Evidentemente, Doutor disse , o senhor nunca foi uma garota de 13 anos.
Não, não foi. Nenhum homem foi. Em geral, as meninas de 13 anos tem muito mais certeza sobre quem são do que as mulheres que um dia elas se tornarão, mas não são mais hábeis em explicar isso do que suas futuras personas. Os 13, no entanto, são a dead line. O momento do desespero de filhos e pais. De um dia para o outro: onde está a criança que estava aqui? Foi-se. Não volta. Não é só o corpo que muda. É o olhar. É uma parcela da alma.
Alguém vai argumentar que hoje isso pode acontecer antes, em outras idades mais e mais precoces. Sim, pode. Mas não é o caso de se discutir quando as crianças partem de nós, mas o que a ausência delas deixa. E como é difícil lidar com isso em ambos os lados da corda, do cabo de guerra que pode se tornar a relação de pais e filhos. Eugenides escolhe os anos 70, quando essa relação, com todas as mudanças sofridas na década de 60 está começando a complicar, mais e mais. Os filhos mudaram. O mundo mudou. Os pais ainda não.
Os dois ficaram calados, junto com os nossos pais, e percebemos como eram velhos, como estavam acostumados a encarar traumas, depressões e guerras. Percebemos que a versão do mundo que nos ofereciam não era aquela em que realmente acreditavam, e que apesar de todos os seus cuidados e do seu mau humor por causa das tiriricas, estavam se lixando pro gramado. (p.49).

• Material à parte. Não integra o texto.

Lemma ctree_encK : pcancel ctree_enc ctree_dec.
Proof.
rewrite /pcancel; fix IH 1 => -[c ch] /=; congr (Some (CNode c _)).
by elim: ch => //= U ch ->; rewrite IH.
Qed.
HB.instance Definition _ := Countable.copy ctree (pcan_type ctree_encK).

Lemma uniq_flatten_map_key (S T : eqType) (A : S -> seq T) (key : T -> S) (s : seq S) :
  uniq s -> (forall x, x \in s -> uniq (A x)) ->
  (forall x y, x \in s -> y \in A x -> key y = x) ->
  uniq (flatten [seq A x | x <- s]).
Proof.
elim: s => //= x s IHs /andP[x_notin_s uniq_s] uniqA keyA.
rewrite cat_uniq uniqA ?mem_head // IHs //=; first last.
- by move=> y z y_s; apply: keyA; rewrite inE y_s orbT.
- by move=> y y_s; apply: uniqA; rewrite inE y_s orbT.
rewrite andbT; apply/hasP => -[z /flatten_mapP[y y_s z_Ay] z_Ax].
have eq_xy : x = y by rewrite -(keyA x z) ?mem_head // (keyA y z) // inE y_s orbT.
by rewrite eq_xy y_s in x_notin_s.
Qed.

Lemma has_card_size (X : eqType) (P : X -> Prop) k (s : seq X) :
  has_card P k -> uniq s -> (forall x, P x <-> x \in s) -> k = size s.
Proof.
move=> [g [inj_g Pg]] uniq_s Ps.
rewrite -[k]size_enum_ord -(size_map g); apply: perm_size; apply: uniq_perm.
- by rewrite map_inj_uniq ?enum_uniq.
- exact: uniq_s.
move=> x; apply/mapP/idP => [[i _ ->] | /Ps /Pg [i <-]]; last by exists i; rewrite ?mem_enum.
by apply/Ps/Pg; exists i.
Qed.

(* All forests of total size [s] whose roots have colors in [1, i]; the first
   tree has root [c] and [a] vertices below the root.  [fuel >= s] bounds the
   recursion depth. *)
Fixpoint enum_forests (fuel i s : nat) : seq (seq ctree) :=
  match s, fuel with
  | 0, _ => [:: [::]]
  | _.+1, 0 => [::]
  | s'.+1, fuel'.+1 =>
    flatten [seq flatten [seq [seq CNode c ch :: fr | ch <- enum_forests fuel' c a,
                                                   fr <- enum_forests fuel' i (s' - a)]
                         | a <- iota 0 s'.+1] | c <- iota 1 i]
  end.

Definition is_forest (m i s : nat) (fr : seq ctree) : bool :=
  all (fun U => (croot U <= i)%N && is_coloring m Bmat U) fr && (sumn (map csize fr) == s).

Lemma csize_gt0 T : (0 < csize T)%N. Proof. by case: T. Qed.

Lemma is_forest0 m i fr : is_forest m i 0 fr = (fr == [::]).
Proof.
case: fr => [|U fr]; rewrite /is_forest ?andbT //=.
by rewrite addn_eq0 eqn0Ngt csize_gt0 !andbF.
Qed.

Lemma is_forest_cons m i s c ch fr : (i <= m)%N ->
  is_forest m i s.+1 (CNode c ch :: fr) =
  [&& (0 < c <= i)%N, is_forest m c (sumn (map csize ch)) ch,
      (sumn (map csize ch) <= s)%N & is_forest m i (s - sumn (map csize ch)) fr].
Proof.
move=> le_im; rewrite /is_forest /= eqSS eqxx andbT.
set a := sumn _; set b := sumn _.
have -> : (a + b == s) = (a <= s)%N && (b == s - a) by apply/eqP/andP => -[]; lia.
case: (leqP c i) => [le_ci | ]; rewrite ?andbF //= (leq_trans le_ci le_im).
by case: (0 < c)%N; case: (all _ ch); case: (all _ fr); rewrite ?andbF.
Qed.

Lemma mem_enum_forests m fuel i s fr : (i <= m)%N -> (s <= fuel)%N ->
  (fr \in enum_forests fuel i s) = is_forest m i s fr.
Proof.
elim: fuel i s fr => [|fuel IH] i [|s] fr le_im // le_s; rewrite ?is_forest0 ?inE //.
apply/idP/idP.
- case/flatten_mapP => c; rewrite mem_iota add1n ltnS => /andP[c_gt0 c_le_i].
  case/flatten_mapP => a; rewrite mem_iota add0n ltnS => /andP[_ le_as].
  case/allpairsP => -[ch fr'] [ch_in fr'_in ->].
  have le_cm : (c <= m)%N by lia.
  rewrite (IH c) // in ch_in; last by lia.
  rewrite (IH i) // in fr'_in; last by lia.
  move: ch_in => /[dup] /andP[_ /eqP sz_ch] ch_in.
  by rewrite is_forest_cons // c_gt0 c_le_i sz_ch ch_in le_as fr'_in.
case: fr => [|[c ch] fr]; first by [].
rewrite is_forest_cons // => /and4P[/andP[c_gt0 c_le_i] ch_ok le_as fr_ok].
apply/flatten_mapP; exists c; first by rewrite mem_iota c_gt0 add1n ltnS.
apply/flatten_mapP; exists (sumn (map csize ch)); first by rewrite mem_iota add0n ltnS.
apply/allpairsP; exists (ch, fr); split => //.
  by rewrite (IH c) //; lia.
by rewrite (IH i) //; lia.
Qed.

Lemma enum_forestsS fuel i s : enum_forests fuel.+1 i s.+1 =
  flatten [seq flatten [seq [seq CNode c ch :: fr | ch <- enum_forests fuel c a,
                                                 fr <- enum_forests fuel i (s - a)]
                       | a <- iota 0 s.+1] | c <- iota 1 i].
Proof. by []. Qed.

Lemma uniq_enum_forests fuel i s : (s <= fuel)%N -> uniq (enum_forests fuel i s).
Proof.
elim: fuel i s => [|fuel IH] i [|s] // le_s; rewrite enum_forestsS.
apply: (uniq_flatten_map_key (key := fun fr => if fr is CNode c _ :: _ then c else 0%N)).
- exact: iota_uniq.
- move=> c _.
  apply: (uniq_flatten_map_key
           (key := fun fr => if fr is CNode _ ch :: _ then sumn (map csize ch) else 0%N)).
  + exact: iota_uniq.
  + move=> a; rewrite mem_iota add0n ltnS => /andP[_ le_as].
    apply: allpairs_uniq; rewrite ?IH //; try lia.
    by move=> [ch1 fr1] [ch2 fr2] _ _ [-> ->].
  move=> a y; rewrite mem_iota add0n ltnS => /andP[_ le_as].
  case/allpairsP => -[ch fr] [ch_in _ ->].
  rewrite (@mem_enum_forests c) // in ch_in; last by lia.
  by case/andP: ch_in => _ /eqP.
by move=> c _ _ /flatten_mapP[a _ /allpairsP[[ch fr] [_ _ ->]]].
Qed.

Definition nforests (i s : nat) : nat := size (enum_forests s i s).

Lemma size_enum_forests fuel i s : (s <= fuel)%N -> size (enum_forests fuel i s) = nforests i s.
Proof.
move=> le_s; apply: perm_size; apply: uniq_perm; rewrite ?uniq_enum_forests // => fr.
by rewrite !(@mem_enum_forests i).
Qed.

Lemma nforestsS i s : nforests i s.+1 =
  (\sum_(1 <= c < i.+1) \sum_(0 <= a < s.+1) nforests c a * nforests i (s - a))%N.
Proof.
rewrite /nforests enum_forestsS /index_iota subSS !subn0.
rewrite size_flatten sumnE !big_map; apply: eq_bigr => c _.
rewrite size_flatten sumnE !big_map; apply: eq_big_seq => a.
rewrite mem_iota add0n ltnS => /andP[_ le_as].
by rewrite size_allpairs !size_enum_forests //; lia.
Qed.

Definition enum_trees (m n : nat) : seq ctree :=
  if n is n'.+1 then map (CNode m) (enum_forests n' m n') else [::].

Lemma size_enum_trees m n : size (enum_trees m n) = if n is n'.+1 then nforests m n' else 0%N.
Proof. by case: n => //= n; rewrite size_map. Qed.

Lemma uniq_enum_trees m n : uniq (enum_trees m n).
Proof. by case: n => //= n; rewrite map_inj_uniq ?uniq_enum_forests // => ? ? []. Qed.
From HB Require Import structures.
From mathcomp Require Import all_boot all_order all_algebra.
From mathcomp Require Import zify ring lra.
Import Order.TTheory GRing.Theory Num.Theory.

(* Write x_i for the indicator that node i lies in the second sample, W for the
   total weight, L = sum_(i,j) w_ij (x_i + x_j) and Q = sum_(i,j) w_ij x_i x_j.
   Then R_1 - R_2 = W - L and q R_1 + p R_2 = q (W - L) + Q.  For k distinct
   nodes, E(x_i1 ... x_ik) = 'C(N - k, n2 - k) / 'C(N, n2), and these moments
   give Cov(x_i x_j, x_m) = q (Cov(x_i, x_m) + Cov(x_j, x_m)) for i <> j; hence
   Cov(L, Q) = q Var(L) and the two statistics are uncorrelated.  As they are
   an invertible linear image of (R_1, R_2), the quadratic form S_R may be
   computed in these coordinates, where the covariance matrix is diagonal. *)

Lemma card_supersets (T : finType) (S : {set T}) k :
  #|[set A : {set T} | S \subset A & #|A| == k]| =
  if #|S| <= k then 'C(#|T| - #|S|, k - #|S|) else 0.
Proof.
case: leqP => [leSk | ltkS]; last first.
  apply: eq_card0 => A; rewrite inE; apply/negP => /andP[SA /eqP cardA].
  by have := subset_leq_card SA; rewrite cardA leqNgt ltkS.
have -> : (#|T| - #|S| = #|~: S|)%N by rewrite [#|~: S|]cardsCs setCK.
have setUDK (B : {set T}) : B \subset ~: S -> (S :|: B) :\: S = B.
  by rewrite setDUl setDv set0U setDE => /setIidPl.
rewrite -cards_draws -[RHS](@card_in_imset _ _ (setU S)); last first.
  move=> B B'; rewrite !inE => /andP[BS _] /andP[B'S _] eqSB.
  by rewrite -(setUDK B) // eqSB setUDK.
apply: eq_card => A; rewrite inE; apply/andP/imsetP => [[SA /eqP cardA] | [B]].
  exists (A :\: S); last by rewrite -{1}(setID A S) (setIidPr SA).
  by rewrite inE subsetDr (cardsDS SA) cardA eqxx.
rewrite inE => /andP[BS /eqP cardB] ->; split; first exact: subsetUl.
rewrite cardsU disjoint_setI0 ?disjoints_subset 1?subsetC // cards0 subn0.
by rewrite cardB subnKC.
Qed.

Definition nfix (n1 n2 k : nat) : nat :=
  if k <= n2 then 'C(n1 + n2 - k, n2 - k) else 0.

Section PermSupport.
Context {n1 n2 : nat}.
Local Notation N := (n1 + n2).
Local Notation support := (perm_support n1 n2).

Lemma perm_supportE (g : labelling n1 n2) :
  (g \in support) = (#|[set i | g i]| == n2).
Proof.
rewrite inE; have -> : [set i | ~~ g i] = ~: [set i | g i].
  by apply/setP => i; rewrite !inE.
by have := cardsC [set i | g i]; rewrite card_ord => card_split; apply/eqP/eqP; lia.
Qed.

Lemma card_perm_support_sets (P : pred {set 'I_N}) :
  #|[set g in support | P [set i | g i]]| = #|[set A | P A & #|A| == n2]|.
Proof.
have trueset_inj : injective (fun g : labelling n1 n2 => [set i | g i]).
  by move=> g h /setP eq_gh; apply/ffunP => i; have := eq_gh i; rewrite !inE.
rewrite -(card_imset _ trueset_inj); apply: eq_card => A; rewrite inE.
apply/imsetP/andP => [[g] | [PA cardA]].
  by rewrite inE perm_supportE => /andP[cardg Pg] ->.
exists [ffun i => i \in A]; last by apply/setP => i; rewrite !inE ffunE.
have trueA : [set i | [ffun i => i \in A] i] = A by apply/setP => i; rewrite !inE ffunE.
by rewrite inE perm_supportE trueA PA cardA.
Qed.

Local Notation nfix := (nfix n1 n2).

Lemma card_perm_support_fixing (S : {set 'I_N}) :
  #|[set g in support | S \subset [set i | g i]]| = nfix #|S|.
Proof. by rewrite (card_perm_support_sets (fun A => S \subset A)) card_supersets card_ord. Qed.

Lemma card_perm_support : #|support| = 'C(N, n2).
Proof.
have := card_perm_support_fixing set0; rewrite cards0 /nfix leq0n !subn0 => <-.
by apply: eq_card => g; rewrite inE sub0set andbT.
Qed.

Lemma nfix_rec k : nfix k.+1 * (N - k) = nfix k * (n2 - k).
Proof.
rewrite /nfix; case: ltnP => [lt_k_n2 | le_n2_k]; last first.
  by move: le_n2_k; rewrite -subn_eq0 => /eqP ->; rewrite muln0.
have := mul_bin_diag (N - k) (n2 - k.+1).
by rewrite ltnW // -subnS subnSK // mulnC => ->; rewrite mulnC.
Qed.
Lemma neg_part_symmetrize b : neg_part (symmetrize Q p) b = - Q (rot180 p b).
Proof.
rewrite /neg_part /symmetrize; case: ifP => Hb; first by rewrite nonneg_eq0 ?sub0r.
by rewrite [Q (rot180 p b)]nonneg_eq0 ?oppr0 // diag_rot180; lia.
Qed.

Lemma symmetrize_unique (v : int) : v != 0 ->
  (exists! c, Q c = v \/ Q c = - v) -> exists! b, symmetrize Q p b = v.
Proof.
move=> v0 [c [Qc Qc_uniq]].
have from_Q b : symmetrize Q p b = v -> Q b = v \/ Q (rot180 p b) = - v.
  move=> Hb; have : in_dom (symmetrize Q p) b by rewrite /in_dom Hb.
  rewrite in_dom_symmetrize => /orP [H|H]; first by left; rewrite -Hb symmetrize_pos.
  by right; rewrite -Hb symmetrize_neg ?opprK.
case: Qc => Qc.
  have Hc : in_dom Q c by rewrite /in_dom Qc.
  exists c; split => [|b /from_Q [H|H]].
  - by rewrite symmetrize_pos.
  - exact: Qc_uniq (or_introl H).
  - by move: Qc; rewrite (Qc_uniq _ (or_intror H)) H => /eqP; lia.
have Hc : in_dom Q c by rewrite /in_dom Qc oppr_eq0.
exists (rot180 p c); split => [|b /from_Q [H|H]].
- by rewrite symmetrize_rot180 symmetrize_pos // Qc opprK.
- by move: Qc; rewrite (Qc_uniq _ (or_introl H)) H => /eqP; lia.
- by rewrite (Qc_uniq _ (or_intror H)) rot180K.
Qed.

End NonnegSupport.

Record half_tableau (n : nat) (Q : filling) : Prop := HalfTableau {
  half_nonneg : forall b, in_dom Q b -> 0 <= diag b;
  half_entries : forall b, in_dom Q b ->
    exists2 k : nat, (1 <= k <= n)%N & (Q b = k%:Z \/ Q b = - k%:Z);
  half_once : forall k : nat, (1 <= k <= n)%N ->
    exists! b, Q b = k%:Z \/ Q b = - k%:Z;
  half_convex : skew_convex (in_dom Q);
  half_row : forall i j j' : int, j < j' -> in_dom Q (i, j) -> in_dom Q (i, j') ->
    Q (i, j) < Q (i, j');
  half_col : forall i i' j : int, i < i' -> in_dom Q (i, j) -> in_dom Q (i', j) ->
    Q (i, j) < Q (i', j) }.

Lemma filling_inj n (f : filling) b b' :
  (forall b, in_dom f b ->
     exists2 k : nat, (1 <= k <= n)%N & (f b = k%:Z \/ f b = - k%:Z)) ->
  (forall k : nat, (1 <= k <= n)%N ->
     (exists! b, f b = k%:Z) /\ (exists! b, f b = - k%:Z)) ->
  in_dom f b -> f b = f b' -> b = b'.
Proof.
move=> f_entries f_once /f_entries [k /f_once [[c [_ U]] [c' [_ U']]] [] Hb] E.
  by rewrite -(U b Hb); apply: U; rewrite -E.
by rewrite -(U' b Hb); apply: U'; rewrite -E.
Qed.

Section Symmetrization.

Variables (n : nat) (Q : filling) (p : int).
Hypothesis HQ : half_tableau n Q.

Let Q_nonneg := half_nonneg HQ.

Lemma symmetrize_entries b : in_dom (symmetrize Q p) b ->
  exists2 k : nat, (1 <= k <= n)%N &
    (symmetrize Q p b = k%:Z \/ symmetrize Q p b = - k%:Z).
Proof.
rewrite in_dom_symmetrize // => /orP [H|H].
  by rewrite symmetrize_pos //; apply: (half_entries HQ).
rewrite symmetrize_neg //; have [k Hk [->|->]] := half_entries HQ H.
  by exists k => //; right.
by exists k => //; left; rewrite opprK.
Qed.

Lemma symmetrize_once (k : nat) : (1 <= k <= n)%N ->
  (exists! b, symmetrize Q p b = k%:Z) /\ (exists! b, symmetrize Q p b = - k%:Z).
Proof.
move=> Hk; have [c [Qc Qc_uniq]] := half_once HQ Hk.
split; apply: symmetrize_unique => //; try lia; first by exists c.
exists c; rewrite opprK; split; first by case: Qc; [right|left].
by move=> c' Hc'; apply: Qc_uniq; case: Hc'; [right|left].
Qed.

Lemma B_Young_symmetrize :
  skew_convex (in_dom (symmetrize Q p)) ->
  (forall i j j' : int, j < j' -> in_dom Q (rot180 p (i, j)) -> in_dom Q (i, j') ->
     - Q (rot180 p (i, j)) < Q (i, j')) ->
  (forall i i' j : int, i < i' -> in_dom Q (i, j) -> in_dom Q (rot180 p (i', j)) ->
     Q (i, j) < - Q (rot180 p (i', j))) ->
  B_Young n (symmetrize Q p).
Proof.
move=> convex row_mixed col_mixed.
have dom := in_dom_symmetrize p Q_nonneg.
split; first exact: symmetrize_entries.
split; first exact: symmetrize_once.
split => //; split.
  move=> b b' Hb Hb'; suff -> : b' = rot180 p b by rewrite diag_rot180.
  apply: (filling_inj symmetrize_entries symmetrize_once).
    by rewrite /in_dom Hb' oppr_eq0.
  by rewrite symmetrize_rot180.
split; first by exists p, (p - 1) => b; apply: symmetrize_rot180.
split.
  move=> i j j' lt_jj' /[!dom] /orP [H1|H1] /orP [H2|H2].
  - by rewrite !symmetrize_pos //; apply: (half_row HQ).
  - by move: (Q_nonneg H1) (Q_nonneg H2); rewrite diag_rot180 /diag /=; lia.
  - by rewrite symmetrize_neg // symmetrize_pos //; apply: row_mixed.
  - rewrite !symmetrize_neg // ltrN2.
    by apply: (half_row HQ) => //=; lia.
move=> i i' j lt_ii' /[!dom] /orP [H1|H1] /orP [H2|H2].
- by rewrite !symmetrize_pos //; apply: (half_col HQ).
- by rewrite symmetrize_pos // symmetrize_neg //; apply: col_mixed.
- by move: (Q_nonneg H1) (Q_nonneg H2); rewrite diag_rot180 /diag /=; lia.
- rewrite !symmetrize_neg // ltrN2.
  by apply: (half_col HQ) => //=; lia.
Qed.

End Symmetrization.

Lemma min_diag_quadrant (D : box -> bool) r c : skew_convex D -> D (r, c) ->
  (forall b, D b -> c - r <= diag b) -> forall b, D b -> b.1 <= r /\ c <= b.2.
Proof.
move=> convD Drc min_rc [i j] Dij; have := min_rc _ Dij; rewrite /diag /= => Hij.
split; rewrite leNgt; apply/negP => H.
  have /min_rc : D (i, c) by apply: (convD (r, c) (i, j)) => //=; lia.
  by rewrite /diag /=; lia.
have /min_rc : D (r, j) by apply: (convD (i, j) (r, c)) => //=; lia.
by rewrite /diag /=; lia.
Qed.

Section Placement.

Variables (n : nat) (Q : filling).
Hypothesis HQ : half_tableau n Q.

Let Q_nonneg := half_nonneg HQ.

Lemma symmetrize_convex p :
  (forall x y z : box, in_dom Q x -> in_dom Q (rot180 p y) ->
     x.1 <= z.1 <= y.1 -> x.2 <= z.2 <= y.2 -> in_dom (symmetrize Q p) z) ->
  (forall x y z : box, in_dom Q (rot180 p x) -> in_dom Q y ->
     x.1 <= z.1 <= y.1 -> x.2 <= z.2 <= y.2 -> in_dom (symmetrize Q p) z) ->
  skew_convex (in_dom (symmetrize Q p)).
Proof.
have dom := in_dom_symmetrize p Q_nonneg.
move=> pos_neg neg_pos x y z Hx Hy Hz1 Hz2.
move: Hx Hy; rewrite !dom => /orP [Hx|Hx] /orP [Hy|Hy];
  try by [rewrite -dom; apply: (pos_neg x y) | rewrite -dom; apply: (neg_pos x y)].
  by rewrite (half_convex HQ Hx Hy).
apply/orP; right.
by apply: (half_convex HQ Hy Hx); rewrite /rot180 /=; lia.
Qed.

Lemma B_Young_symmetrize_apart (r c p : int) :
  (forall b, in_dom Q b -> b.1 <= r /\ c <= b.2) -> 2 * r < p -> p <= 2 * c ->
  B_Young n (symmetrize Q p).
Proof.
move=> quadrant lt_rp le_pc.
have neg_quadrant b : in_dom Q (rot180 p b) -> p - r <= b.1 /\ b.2 <= p - 1 - c.
  by case: b => i j /quadrant; rewrite /rot180 /=; lia.
apply: B_Young_symmetrize => //.
- apply: symmetrize_convex => x y z.
    by move=> /quadrant + /neg_quadrant; lia.
  by move=> /neg_quadrant + /quadrant; lia.
- by move=> i j j' _ /neg_quadrant + /quadrant => /=; lia.
- by move=> i i' j _ /quadrant + /neg_quadrant => /=; lia.
Qed.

Por outro lado, há ainda outra impotência latente em todo o livro. Talvez, desde a primeira frase. A impotência que nos acossou ontem (dia 7 de abril de 2011), a impotência humana diante da tragédia. Nossa busca obsessiva por razões é a busca pela resposta à pergunta: poderia ter sido evitado? Os meninos que amaram as Lisbon não conseguem chegar a uma resposta. E, provavelmente, nem nós. Não adianta nos imaginarmos potentes antes, pois essa força ainda não foi pedida. Só depois. Então, pensamos se é possível sermos mais eficazes para impedir o horror no futuro? Mas, novamente, estamos no beco sem respostas. Pois, se fizermos tudo corretamente, não saberemos que fizemos, já que ninguém contabiliza assim: passou um ano e nenhum jovem morreu, matou ou suicidou-se. No entanto, nossa impotência estará sempre a perseguirmos. Mesmo depois de décadas.
Foi assim com os meninos que amaram as Lisbon. Não vejo como possa ser diferente com todos nós.